Choriocarcinoma can be gonadal or extragonadal in origin, and most often arises in the uterus in association with pregnancy[10]. The most common sites for extragonadal tumors are the mediastinum, ovary and testis[11]. There are many reported cases with metastatic choriocarcinoma to the stomach[12], but primary choriocarcinomas of the stomach are extremely rare. Primary neuroendocrine carcinomas are known to arise in the stomach, although they are also rare. Motoyama et al[13] reported a case of combined choriocarcinoma, hepatoid carcinoma, small cell carcinoma, and tubular adenocarcinoma in the esophagus in 1995, but there has been no reported case of combined choriocarcinoma, neuroendocrine carcinoma and tubular adenocarcinoma in the stomach in the English-language literature.
There are several theories of the histopathogenesis of primary choriocarcinoma of the stomach. These hypotheses include origin from a gonadal angle displaced in the abdomen[14], histological resemblance to choriocarcinoma[10], origin from an underlying gastric teratoma[15], and the retrodifferentiation or opisthoplatia of carcinoma cells to the level of the embryonal ectoderm with the ability to form trophoblasts[16]. The finding that gastric choriocarcinomas are frequently accompanied by adenocarcinoma is supported by this retrodifferentiation theory. In the present case, choriocarcinomas, neuroendocrine carcinomas and tubular adenocarcinoma existed in the same tumor of the stomach, and this finding suggests that choriocarcinoma and neuroendocrine carcinoma represent aberrant differentiation in common adenocarcinoma.

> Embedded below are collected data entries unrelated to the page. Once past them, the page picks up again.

(* For all $\alpha\in(0,1]$ and $\eta\in(0,\alpha)$ there is a constant $C=C(\alpha,\eta)<\infty$ such that the following holds. Let $(X,\mu)$ be a standard Borel probability space, let $\mathcal{S},\mathcal{T}$ be finite Borel partitions of $X$, and let $I=\mathrm{I}_\mu(\mathcal{S};\mathcal{T})$. Then for every Borel $U\subseteq X$ with $\mu(U)\ge\alpha$ there is a subset $S\subseteq U$ with \[\log|S|\le C(I+1)\quad\text{and}\quad \mu\big(U\cap\mathcal{T}(U\cap\mathcal{S}(S))\big)>\mu(U)-\eta.\]
   Context: $\mathrm{I}_\mu(\mathcal{S};\mathcal{T})=\mathrm{H}_\mu(\mathcal{S})+\mathrm{H}_\mu(\mathcal{T})-\mathrm{H}_\mu(\mathcal{S}\vee\mathcal{T})$ is the mutual information (Shannon entropies of partitions). For a partition $\mathcal{P}$ and a set $A$, $\mathcal{P}(A)$ denotes the union of all cells of $\mathcal{P}$ that meet $A$ (so $\mathcal{P}(x)$ is the cell containing $x$). *)

From Stdlib Require Import Reals List.
Open Scope R_scope.

Record ProbSpace (X : Type) := {
  meas : (X -> Prop) -> Prop;
  mu : (X -> Prop) -> R;
  meas_full : meas (fun _ => True);
  meas_compl : forall A, meas A -> meas (fun x => ~ A x);
  meas_cunion : forall A : nat -> X -> Prop,
      (forall n, meas (A n)) -> meas (fun x => exists n, A n x);
  mu_nonneg : forall A, meas A -> 0 <= mu A;
  mu_full : mu (fun _ => True) = 1;
  mu_sigma_additive : forall A : nat -> X -> Prop,
      (forall n, meas (A n)) ->
      (forall n m x, A n x -> A m x -> n = m) ->
      infinite_sum (fun n => mu (A n)) (mu (fun x => exists n, A n x))
}.
Arguments meas {X} _ _.
Arguments mu {X} _ _.

(* A finite measurable partition, given by a cell-index function with
   measurable fibres (cells may be empty). *)
Record FinPartition (X : Type) (P : ProbSpace X) := {
  ncells : nat;
  cell : X -> nat;
  cell_lt : forall x, (cell x < ncells)%nat;
  cell_meas : forall i, meas P (fun x => cell x = i)
}.
Arguments ncells {X P} _.
Arguments cell {X P} _ _.

Definition rsum (n : nat) (f : nat -> R) : R :=
  fold_right Rplus 0 (map f (seq 0 n)).

Definition plogp (p : R) : R := if Req_EM_T p 0 then 0 else p * ln p.

Definition entropy {X} {P : ProbSpace X} (Q : FinPartition X P) : R :=
  - rsum (ncells Q) (fun i => plogp (mu P (fun x => cell Q x = i))).

Definition entropy_join {X} {P : ProbSpace X} (S T : FinPartition X P) : R :=
  - rsum (ncells S) (fun i => rsum (ncells T) (fun j =>
      plogp (mu P (fun x => cell S x = i /\ cell T x = j)))).

Definition mutual_info {X} {P : ProbSpace X} (S T : FinPartition X P) : R :=
  entropy S + entropy T - entropy_join S T.

(* Q(A): the union of all cells of Q meeting A *)
Definition saturate {X} {P : ProbSpace X} (Q : FinPartition X P)
  (A : X -> Prop) : X -> Prop :=
  fun x => exists y, A y /\ cell Q y = cell Q x.

Definition inter {X} (A B : X -> Prop) : X -> Prop := fun x => A x /\ B x.

(* Write p, q, a for the masses of the cells of S, T and of their join.  The
   mutual information is the sum of the nonnegative terms
   a ln (a / p q) - a + p q, so for every set E of pairs of cells and K >= 1,
   ln K * a(E) <= I + (K - 1) * (p x q)(E).
   Call a T-cell heavy if the S-cells meeting it inside U have total mass at
   least d = exp (-2 (I + 1) / eta).  The bound with K = 1/d shows that the
   light T-cells carry at most eta/2 of the mass of U.  An S-cell drawn with
   law p hits each heavy T-cell with probability at least d, so greedily
   choosing k ~ ln (2 / eta) / d S-cells leaves at most (1 - d)^k < eta/2 of
   the heavy mass uncovered.  One point of U in each chosen S-cell gives the
   set, of size at most k + 1, whose log is O(I + 1).  The constant does not
   depend on alpha: the hypothesis mu U >= alpha only makes U nonempty. *)

From Stdlib Require Import Reals List Lra Lia ZArith Bool.
From Stdlib Require Import Classical ClassicalEpsilon FunctionalExtensionality PropExtensionality.
Open Scope R_scope.

Arguments meas_full {X} _.
Arguments meas_compl {X} _ _ _.
Arguments meas_cunion {X} _ _ _.
Arguments mu_nonneg {X} _ _ _.
Arguments mu_full {X} _.
Arguments mu_sigma_additive {X} _ _ _ _.
Arguments cell_lt {X P} _ _.
Arguments cell_meas {X P} _ _.

Lemma rsum_S n f : rsum (S n) f = rsum n f + f n.
Proof.
  unfold rsum; rewrite seq_S, map_app, fold_right_app; simpl.
  generalize (map f (seq 0 n)); intros l.
  induction l as [|a l IH]; simpl; lra.
Qed.

Lemma rsum_ext n f g : (forall i, (i < n)%nat -> f i = g i) -> rsum n f = rsum n g.
Proof.
  induction n as [|n IH]; intros Hfg; [reflexivity|].
  rewrite !rsum_S, (Hfg n) by lia.
  f_equal; apply IH; intros; apply Hfg; lia.
Qed.

Lemma rsum_plus n f g : rsum n (fun i => f i + g i) = rsum n f + rsum n g.
Proof. induction n; [unfold rsum; simpl; lra|]. rewrite !rsum_S, IHn; lra. Qed.

Lemma rsum_minus n f g : rsum n (fun i => f i - g i) = rsum n f - rsum n g.
Proof. induction n; [unfold rsum; simpl; lra|]. rewrite !rsum_S, IHn; lra. Qed.

Lemma rsum_scal n c f : rsum n (fun i => c * f i) = c * rsum n f.
Proof. induction n; [unfold rsum; simpl; lra|]. rewrite !rsum_S, IHn; lra. Qed.

Lemma rsum_scal_r n f c : rsum n (fun i => f i * c) = rsum n f * c.
Proof. induction n; [unfold rsum; simpl; lra|]. rewrite !rsum_S, IHn; lra. Qed.

Lemma rsum_0 n : rsum n (fun _ => 0) = 0.
Proof. induction n; [reflexivity|]. rewrite rsum_S, IHn; lra. Qed.

Lemma rsum_le n f g : (forall i, (i < n)%nat -> f i <= g i) -> rsum n f <= rsum n g.
Proof.
  induction n as [|n IH]; intros Hfg; [unfold rsum; simpl; lra|].
  rewrite !rsum_S.
  assert (f n <= g n) by (apply Hfg; lia).
  assert (rsum n f <= rsum n g) by (apply IH; intros; apply Hfg; lia).
  lra.
Qed.

Lemma rsum_nonneg n f : (forall i, (i < n)%nat -> 0 <= f i) -> 0 <= rsum n f.
Proof. intros H. rewrite <- (rsum_0 n). now apply rsum_le. Qed.

Lemma rsum_swap n m f :
  rsum n (fun i => rsum m (fun j => f i j)) = rsum m (fun j => rsum n (fun i => f i j)).
Proof.
  induction n as [|n IH].
  - symmetry; apply rsum_0.
  - rewrite rsum_S, IH, <- rsum_plus.
    apply rsum_ext; intros; now rewrite rsum_S.
Qed.

Lemma exists_argmax n (g : nat -> R) :
  (0 < n)%nat -> exists i, (i < n)%nat /\ forall k, (k < n)%nat -> g k <= g i.
Proof.
  induction n as [|[|n] IH]; intros Hn; [lia| |].
  - exists 0%nat; split; [lia|]; intros k Hk; replace k with 0%nat by lia; lra.
  - destruct IH as [i [Hi Hmax]]; [lia|].
    destruct (Rle_dec (g (S n)) (g i)).
    + exists i; split; [lia|]; intros k Hk.
      destruct (Nat.eq_dec k (S n)); [subst; auto | apply Hmax; lia].
    + exists (S n); split; [lia|]; intros k Hk.
      destruct (Nat.eq_dec k (S n)); [subst; lra|].
      specialize (Hmax k ltac:(lia)); lra.
Qed.

Section Measure.
Context {X : Type} (P : ProbSpace X).

Lemma pred_ext (A B : X -> Prop) : (forall x, A x <-> B x) -> A = B.
Proof.
  intros H; apply functional_extensionality; intros x.
  now apply propositional_extensionality.
Qed.

Lemma meas_ext A B : (forall x, A x <-> B x) -> meas P A -> meas P B.
Proof. intros H; now rewrite (pred_ext A B H). Qed.

Lemma mu_ext A B : (forall x, A x <-> B x) -> mu P A = mu P B.
Proof. intros H; now rewrite (pred_ext A B H). Qed.

Lemma meas_empty : meas P (fun _ => False).
Proof. apply (meas_ext (fun x => ~ True)); [tauto| apply meas_compl, meas_full]. Qed.

(* Countable additivity for the constant sequence of empty sets forces
   [(N + 1) * mu(empty) -> mu(empty)]. *)
Lemma mu_empty : mu P (fun _ => False) = 0.
Proof.
  set (e := mu P (fun _ => False)).
  assert (He : 0 <= e) by apply mu_nonneg, meas_empty.
  pose proof (mu_sigma_additive P (fun _ _ => False) (fun _ => meas_empty)
    ltac:(intros; contradiction)) as Hsum.
  rewrite (mu_ext _ (fun _ => False)) in Hsum by firstorder.
  fold e in Hsum.
  assert (Hpartial : forall N, sum_f_R0 (fun _ => e) N = INR (S N) * e).
  { induction N; simpl sum_f_R0; [simpl; lra|]. rewrite IHN, (S_INR (S N)); lra. }
  destruct (Rle_lt_or_eq_dec 0 e He) as [Hpos|]; [exfalso|auto].
  destruct (Hsum e Hpos) as [N HN]. specialize (HN (S (S N)) ltac:(lia)).
  unfold Rdist in HN; rewrite Hpartial, !S_INR in HN.
  pose proof (pos_INR N).
  rewrite Rabs_right in HN by nra; nra.
Qed.

Lemma meas_and A B : meas P A -> meas P B -> meas P (fun x => A x /\ B x).
Proof.
  intros HA HB.
  apply (meas_ext (fun x => ~ exists n : nat, if Nat.eq_dec n 0 then ~ A x else ~ B x)).
  - intros x; split.
    + intros H; split; apply NNPP; intros Hn; apply H;
        [exists 0%nat | exists 1%nat]; simpl; auto.
    + intros [HAx HBx] [n Hn]; destruct (Nat.eq_dec n 0); auto.
  - apply meas_compl, meas_cunion; intros n.
    destruct (Nat.eq_dec n 0); now apply meas_compl.
Qed.

Lemma meas_const_and (Q : Prop) A : meas P A -> meas P (fun x => Q /\ A x).
Proof.
  intros HA; destruct (classic Q).
  - apply (meas_ext A); [firstorder | auto].
  - apply (meas_ext (fun _ => False)); [firstorder | apply meas_empty].
Qed.

Lemma mu_disjoint_union A B : meas P A -> meas P B -> (forall x, A x -> B x -> False) ->
  mu P (fun x => A x \/ B x) = mu P A + mu P B.
Proof.
  intros HA HB Hdisj.
  set (F := fun n x => match n with 0%nat => A x | 1%nat => B x | _ => False end).
  assert (HF : forall n, meas P (F n)) by (intros [|[|n]]; simpl; auto using meas_empty).
  assert (HFdisj : forall n m x, F n x -> F m x -> n = m).
  { intros [|[|n]] [|[|m]] x; simpl; try tauto; intros; exfalso; eauto. }
  pose proof (mu_sigma_additive P F HF HFdisj) as Hsum.
  rewrite (mu_ext _ (fun x => A x \/ B x)) in Hsum.
  2:{ intros x; split; [intros [[|[|n]] Hn]; simpl in Hn; tauto|].
      intros [Hx|Hx]; [exists 0%nat | exists 1%nat]; auto. }
  apply (uniqueness_sum _ _ _ Hsum).
  intros eps Heps; exists 1%nat; intros n Hn.
  assert (Hpartial : sum_f_R0 (fun n => mu P (F n)) n = mu P A + mu P B).
  { induction n as [|[|n] IH]; [lia | reflexivity |].
    simpl sum_f_R0 in IH |- *. rewrite IH by lia.
    replace (mu P (F (S (S n)))) with 0 by (symmetry; apply mu_empty); lra. }
  unfold Rdist; rewrite Hpartial, Rminus_diag, Rabs_R0; auto.
Qed.

Lemma mu_mono A B : meas P A -> meas P B -> (forall x, A x -> B x) -> mu P A <= mu P B.
Proof.
  intros HA HB HAB.
  assert (HBD : meas P (fun x => B x /\ ~ A x)) by (apply meas_and, meas_compl; auto).
  rewrite (mu_ext B (fun x => A x \/ (B x /\ ~ A x))).
  - rewrite mu_disjoint_union by (auto; tauto).
    pose proof (mu_nonneg P _ HBD); lra.
  - intros x; split; [|firstorder]; intros; destruct (classic (A x)); tauto.
Qed.

Lemma mu_le_1 A : meas P A -> mu P A <= 1.
Proof. intros HA; rewrite <- (mu_full P); apply mu_mono; auto using meas_full. Qed.

Lemma mu_pos_inhabited A : 0 < mu P A -> exists x, A x.
Proof.
  intros Hpos; apply NNPP; intros Hempty.
  rewrite (mu_ext _ (fun _ => False)), mu_empty in Hpos by firstorder; lra.
Qed.

Lemma meas_finunion (F : nat -> X -> Prop) n :
  (forall k, meas P (F k)) -> meas P (fun x => exists k, (k < n)%nat /\ F k x).
Proof. intros HF; apply meas_cunion; intros k; now apply meas_const_and. Qed.

Lemma mu_finunion (F : nat -> X -> Prop) n :
  (forall k, meas P (F k)) -> (forall k l x, F k x -> F l x -> k = l) ->
  mu P (fun x => exists k, (k < n)%nat /\ F k x) = rsum n (fun k => mu P (F k)).
Proof.
  intros HF Hdisj; induction n as [|n IH].
  - unfold rsum; simpl; rewrite <- mu_empty; apply mu_ext; intros x; split; [intros [k [Hk _]]; lia | tauto].
  - rewrite rsum_S, <- IH, <- mu_disjoint_union; auto using meas_finunion.
    + apply mu_ext; intros x; split.
      * intros [k [Hk Fk]]; destruct (Nat.eq_dec k n); [subst; auto|].
        left; exists k; split; auto; lia.
      * intros [[k [Hk Fk]]|Fn]; [exists k | exists n]; split; auto; lia.
    + intros x [k [Hk Fk]] Fn; specialize (Hdisj _ _ _ Fk Fn); lia.
Qed.

End Measure.

Definition cell_mass {X} {P : ProbSpace X} (Q : FinPartition X P) i : R :=
  mu P (fun x => cell Q x = i).

Definition joint_mass {X} {P : ProbSpace X} (S T : FinPartition X P) i j : R :=
  mu P (fun x => cell S x = i /\ cell T x = j).

Section Partitions.
Context {X : Type} {P : ProbSpace X}.
Implicit Types Q S T : FinPartition X P.

Lemma meas_and_cell Q A i : meas P A -> meas P (fun x => A x /\ cell Q x = i).
Proof. intros HA; apply meas_and; auto using cell_meas. Qed.

Lemma mu_split Q A : meas P A ->
  mu P A = rsum (ncells Q) (fun i => mu P (fun x => A x /\ cell Q x = i)).
Proof.
  intros HA; rewrite <- mu_finunion.
  - apply mu_ext; intros x; split.
    + intros Ax; exists (cell Q x); auto using cell_lt.
    + intros [k [_ [Ax _]]]; auto.
  - intros k; auto using meas_and_cell.
  - intros k l x [_ Hk] [_ Hl]; congruence.
Qed.

Lemma meas_saturate Q V : meas P (saturate Q V).
Proof.
  apply (meas_ext P (fun x => exists k, (k < ncells Q)%nat /\
           ((exists y, V y /\ cell Q y = k) /\ cell Q x = k))).
  - intros x; split.
    + intros [k [_ [[y [Vy Hy]] Hx]]]; exists y; split; congruence.
    + intros [y [Vy Hy]]; exists (cell Q x); split; [apply cell_lt|].
      split; auto; exists y; auto.
  - apply meas_finunion; intros k; apply meas_const_and, cell_meas.
Qed.

Lemma cell_mass_nonneg Q i : 0 <= cell_mass Q i.
Proof. apply mu_nonneg, cell_meas. Qed.

Lemma sum_cell_mass Q : rsum (ncells Q) (cell_mass Q) = 1.
Proof.
  rewrite <- (mu_full P), (mu_split Q) by apply meas_full.
  apply rsum_ext; intros; apply mu_ext; tauto.
Qed.

Lemma sum_joint_mass_r S T i : rsum (ncells T) (joint_mass S T i) = cell_mass S i.
Proof. unfold cell_mass; now rewrite (mu_split T) by apply cell_meas. Qed.
(* Split at 1: the part near 0 is a weighted integral of e^(-s)/th. *)
Lemma gamma_lim_exists th : 0 < th -> exists l, gamma_lim th l.
Proof.
  intros Hth.
  destruct (weighted_int_converges th (fun s => exp (- s) / th) Hth) as [L1 HL1].
  { intros z Hz. apply (continuous_of_derive _ _ (- exp (- z) / th)).
    auto_derive; [exact I | field; lra]. }
  assert (Hlow : filterlim (fun h => RInt (gamma_kernel th) h 1) (at_right 0) (locally L1)).
  { eapply filterlim_ext; [| exact HL1]. intros h. unfold weighted_int.
    apply (RInt_ext (V := R_CompleteNormedModule)). intros s _.
    change (th * Rpower s (th - 1) * (exp (- s) / th) = Rpower s (th - 1) * exp (- s)). field. lra. }
  destruct (gamma_tail_converges th) as [L2 Hhigh].
  exists (L1 + L2).
  apply (filterlim_ext_loc (fun hX => RInt (gamma_kernel th) (fst hX) 1 + RInt (gamma_kernel th) 1 (snd hX))).
  - exists (fun h => 0 < h < 1) (fun X => 1 < X); [apply at_right_0_below; lra | exists 1; auto |].
    intros h X Hh HX. simpl. symmetry.
    rewrite <- (RInt_Chasles (V := R_CompleteNormedModule) _ h 1 X) by (apply ex_RInt_gamma_kernel; lra).
    reflexivity.
  - apply lim_plus.
    + exact (filterlim_comp _ _ _ fst _ _ _ _ filterlim_fst Hlow).
    + exact (filterlim_comp _ _ _ snd _ _ _ _ filterlim_snd Hhigh).
Qed.

(* The kernel is positive, so the limit is at least int_1^2 of it. *)
Lemma gamma_lim_pos th l : gamma_lim th l -> 0 < l.
Proof.
  intros Hl.
  assert (Hc0 : 0 < RInt (gamma_kernel th) 1 2).
  { apply RInt_gt_0; [lra | intros; apply gamma_kernel_pos; lra | intros; apply continuous_gamma_kernel; lra]. }
  eapply Rlt_le_trans; [exact Hc0 |].
  apply (lim_le (fun _ => RInt (gamma_kernel th) 1 2) _ _ _ (filterlim_const _) Hl).
  exists (fun h => 0 < h < 1) (fun X => 2 < X); [apply at_right_0_below; lra | exists 2; auto |].
  intros h X Hh HX. simpl.
  assert (Hpos : forall a b, 0 < a <= b -> 0 <= RInt (gamma_kernel th) a b).
  { intros a b Hab. apply RInt_ge_0; [lra | apply ex_RInt_gamma_kernel; lra |].
    intros; left; apply gamma_kernel_pos; lra. }
  rewrite <- (RInt_Chasles (V := R_CompleteNormedModule) _ h 1 X) by (apply ex_RInt_gamma_kernel; lra).
  rewrite <- (RInt_Chasles (V := R_CompleteNormedModule) _ 1 2 X) by (apply ex_RInt_gamma_kernel; lra).
  unfold plus; simpl. pose proof (Hpos h 1 ltac:(lra)). pose proof (Hpos 2 X ltac:(lra)). lra.
Qed.

Lemma gamma_kernel_by_parts th h X : 0 < h -> 0 < X ->
  RInt (gamma_kernel (th + 1)) h X
  = Rpower h th * exp (- h) - Rpower X th * exp (- X) + th * RInt (gamma_kernel th) h X.
Proof.
  intros Hh HX.
  assert (Hmin : 0 < Rmin h X) by (apply Rmin_glb_lt; lra).
  set (bnd := fun t => Rpower t th * exp (- t)).
  set (df := fun t => bnd t - th * gamma_kernel th t).
  assert (H1 : is_RInt df h X (minus (- bnd X) (- bnd h))).
  { apply (is_RInt_derive (fun t => - bnd t)); intros x Hx.
    - unfold df, bnd, gamma_kernel. auto_derive; [repeat split; apply ex_derive_Rpower; lra |].
      rewrite Derive_Rpower by lra. ring.
    - unfold df, bnd, gamma_kernel. eapply continuous_of_derive. auto_derive.
      + repeat split; apply ex_derive_Rpower; lra.
      + reflexivity. }
  assert (H2 : is_RInt (fun t => th * gamma_kernel th t) h X (th * RInt (gamma_kernel th) h X)).
  { apply (is_RInt_scal (V := R_NormedModule)), (RInt_correct (V := R_CompleteNormedModule)).
    apply ex_RInt_gamma_kernel; lra. }
  apply (is_RInt_unique (V := R_CompleteNormedModule)).
  replace (Rpower h th * exp (- h) - Rpower X th * exp (- X) + th * RInt (gamma_kernel th) h X)
    with (plus (minus (- bnd X) (- bnd h)) (th * RInt (gamma_kernel th) h X))
    by (unfold bnd, minus, plus, opp; simpl; ring).
  eapply (is_RInt_ext (V := R_NormedModule)); [| exact (is_RInt_plus _ _ _ _ _ _ H1 H2)].
  intros t _. unfold df, bnd, gamma_kernel, plus; simpl.
  replace (th + 1 - 1) with th by ring. ring.
Qed.

(* The recurrence at the level of limits: the boundary terms of the
   integration by parts vanish at 0+ and at +oo. *)
Lemma gamma_lim_succ th l : 0 < th -> gamma_lim th l -> gamma_lim (th + 1) (th * l).
Proof.
  intros Hth Hl.
  assert (Hat0 : filterlim (fun h => Rpower h th * exp (- h)) (at_right 0) (locally 0)).
  { assert (Hexp : continuous (fun h => exp (- h)) 0).
    { apply (continuous_of_derive _ _ (- exp (- 0))). auto_derive; [exact I | ring]. }
    pose proof (lim_mult _ _ _ _ (Rpower_lim_0 th Hth) (lim_right_of_continuous _ _ Hexp)) as H.
    rewrite Rmult_0_l in H. exact H. }
  assert (Hatoo : filterlim (fun X => Rpower X th * exp (- X)) (Rbar_locally p_infty) (locally 0)).
  { destruct (power_exp_bound (th + 1)) as [C [HC HCb]].
    apply (filterlim_le_le (fun _ => 0) _ (fun X => C / X) (Finite 0));
      [| apply filterlim_const | apply lim_inv_infty].
    exists 1. intros X HX. specialize (HCb X ltac:(lra)).
    rewrite Rpower_plus, Rpower_1 in HCb by lra.
    pose proof (Rpower_pos X th). pose proof (exp_pos (- X)). split; [nra |].
    apply (Rmult_le_reg_r X); [lra |]. replace (C / X * X) with C by (field; lra). nra. }
  apply (filterlim_ext_loc (fun hX => Rpower (fst hX) th * exp (- fst hX)
          - Rpower (snd hX) th * exp (- snd hX) + th * RInt (gamma_kernel th) (fst hX) (snd hX))).
  - exists (fun h => 0 < h < 1) (fun X => 1 < X); [apply at_right_0_below; lra | exists 1; auto |].
    intros h X Hh HX. simpl. symmetry. apply gamma_kernel_by_parts; lra.
  - replace (th * l) with (0 - 0 + th * l) by ring.
    apply lim_plus; [apply lim_minus | apply lim_mult; [apply filterlim_const | exact Hl]].
    + exact (filterlim_comp _ _ _ fst _ _ _ _ filterlim_fst Hat0).
    + exact (filterlim_comp _ _ _ snd _ _ _ _ filterlim_snd Hatoo).
Qed.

In the present case, we failed to diagnose adeno-carcinoma combined with choriocarcinoma and neuroendocrine carcinoma before operation based on pathological examination of biopsy specimens. Therefore, larger biopsy specimens from the whole tumor should be taken when encountering large and hemorrhagic tumors so that pathologic components are not missed.
It is well known that choriocarcinomas and neuroendocrine carcinomas readily metastasize to distant organs and carry a poor prognosis because effective regimens have not been established. Further studies to establish new regimens are required.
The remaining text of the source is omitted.